(* $\mathcal M_\infty\subset\mathcal M_{-\infty}$.
   Context: Standing assumptions: $H$ is a real Hilbert space with norm $|\cdot|$. $A$ is a linear, closed, unbounded, positive self-adjoint operator on $H$ with compact inverse, so $H$ has an orthonormal basis of eigenvectors of $A$ with eigenvalues $0<\lambda_1<\lambda_2\le\cdots\le\lambda_N<\lambda_{N+1}\le\cdots\to\infty$ (counted with multiplicity). $F:H\to H$ satisfies $|F(u)|\le K_0$ and $|F(u)-F(v)|\le K_1|u-v|$ for all $u,v\in H$, with constants $K_0,K_1>0$ and $K_1<\lambda_{N+1}$; moreover there is $R>0$ with $F(u)=0$ whenever $|u|\ge R$. $P$ is the orthogonal (spectral) projection onto the span of the first $N$ eigenvectors of $A$, and $Q=I-P$; points of $H$ are identified with pairs $(p,q)\in PH\times QH$. A solution on an interval $J$ means a continuous function satisfying the variation of constants formula $u(t)=e^{-A(t-s)}u(s)+\int_s^t e^{-A(t-\tau)}F(u(\tau))\,d\tau$ for all $s\le t$ in $J$. For $t>0$, $\mathcal M_t=\{u(t): u \text{ is a solution of } u_t+Au=F(u) \text{ on } [0,t] \text{ with } Pu(0)\in PH \text{ arbitrary and } Qu(0)=0\}$. $\mathcal M_\infty$ is the set of all $(p_\infty,q_\infty)\in H$ for which there exist integers $n_1<n_2<\cdots$ and points $(p_{n_k},q_{n_k})\in\mathcal M_{n_k}$ with $(p_{n_k},q_{n_k})\to(p_\infty,q_\infty)$ in $H$. $\mathcal M_{-\infty}$ is the set of all $(p_0,q_0)\in H$ such that there is a solution $u(t)=p(t)+q(t)$ of $u_t+Au=F(u)$ on $(-\infty,0]$ with $p(0)=p_0$, $q(0)=q_0$ and $q(t)=Qu(t)$ bounded on $(-\infty,0]$ (the backward bounded solutions). *)

(* Concrete model: H = l^2(nat) (real square-summable sequences), where the
   k-th coordinate is the coefficient along the (k+1)-th eigenvector of A,
   and A acts diagonally with eigenvalues lam k (lam 0 = lambda_1, ...). *)
From Stdlib Require Import Reals Lra.
From Coquelicot Require Import Coquelicot.
Open Scope R_scope.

• **What needs to be done**
Look through the entries for lines containing the word "with" and return each one.

• **Answer to this problem**
   Context: Standing assumptions: $H$ is a real Hilbert space with norm $|\cdot|$. $A$ is a linear, closed, unbounded, positive self-adjoint operator on $H$ with compact inverse, so $H$ has an orthonormal basis of eigenvectors of $A$ with eigenvalues $0<\lambda_1<\lambda_2\le\cdots\le\lambda_N<\lambda_{N+1}\le\cdots\to\infty$ (counted with multiplicity). $F:H\to H$ satisfies $|F(u)|\le K_0$ and $|F(u)-F(v)|\le K_1|u-v|$ for all $u,v\in H$, with constants $K_0,K_1>0$ and $K_1<\lambda_{N+1}$; moreover there is $R>0$ with $F(u)=0$ whenever $|u|\ge R$. $P$ is the orthogonal (spectral) projection onto the span of the first $N$ eigenvectors of $A$, and $Q=I-P$; points of $H$ are identified with pairs $(p,q)\in PH\times QH$. A solution on an interval $J$ means a continuous function satisfying the variation of constants formula $u(t)=e^{-A(t-s)}u(s)+\int_s^t e^{-A(t-\tau)}F(u(\tau))\,d\tau$ for all $s\le t$ in $J$. For $t>0$, $\mathcal M_t=\{u(t): u \text{ is a solution of } u_t+Au=F(u) \text{ on } [0,t] \text{ with } Pu(0)\in PH \text{ arbitrary and } Qu(0)=0\}$. $\mathcal M_\infty$ is the set of all $(p_\infty,q_\infty)\in H$ for which there exist integers $n_1<n_2<\cdots$ and points $(p_{n_k},q_{n_k})\in\mathcal M_{n_k}$ with $(p_{n_k},q_{n_k})\to(p_\infty,q_\infty)$ in $H$. $\mathcal M_{-\infty}$ is the set of all $(p_0,q_0)\in H$ such that there is a solution $u(t)=p(t)+q(t)$ of $u_t+Au=F(u)$ on $(-\infty,0]$ with $p(0)=p_0$, $q(0)=q_0$ and $q(t)=Qu(t)$ bounded on $(-\infty,0]$ (the backward bounded solutions). *)
   and A acts diagonally with eigenvalues lam k (lam 0 = lambda_1, ...). *)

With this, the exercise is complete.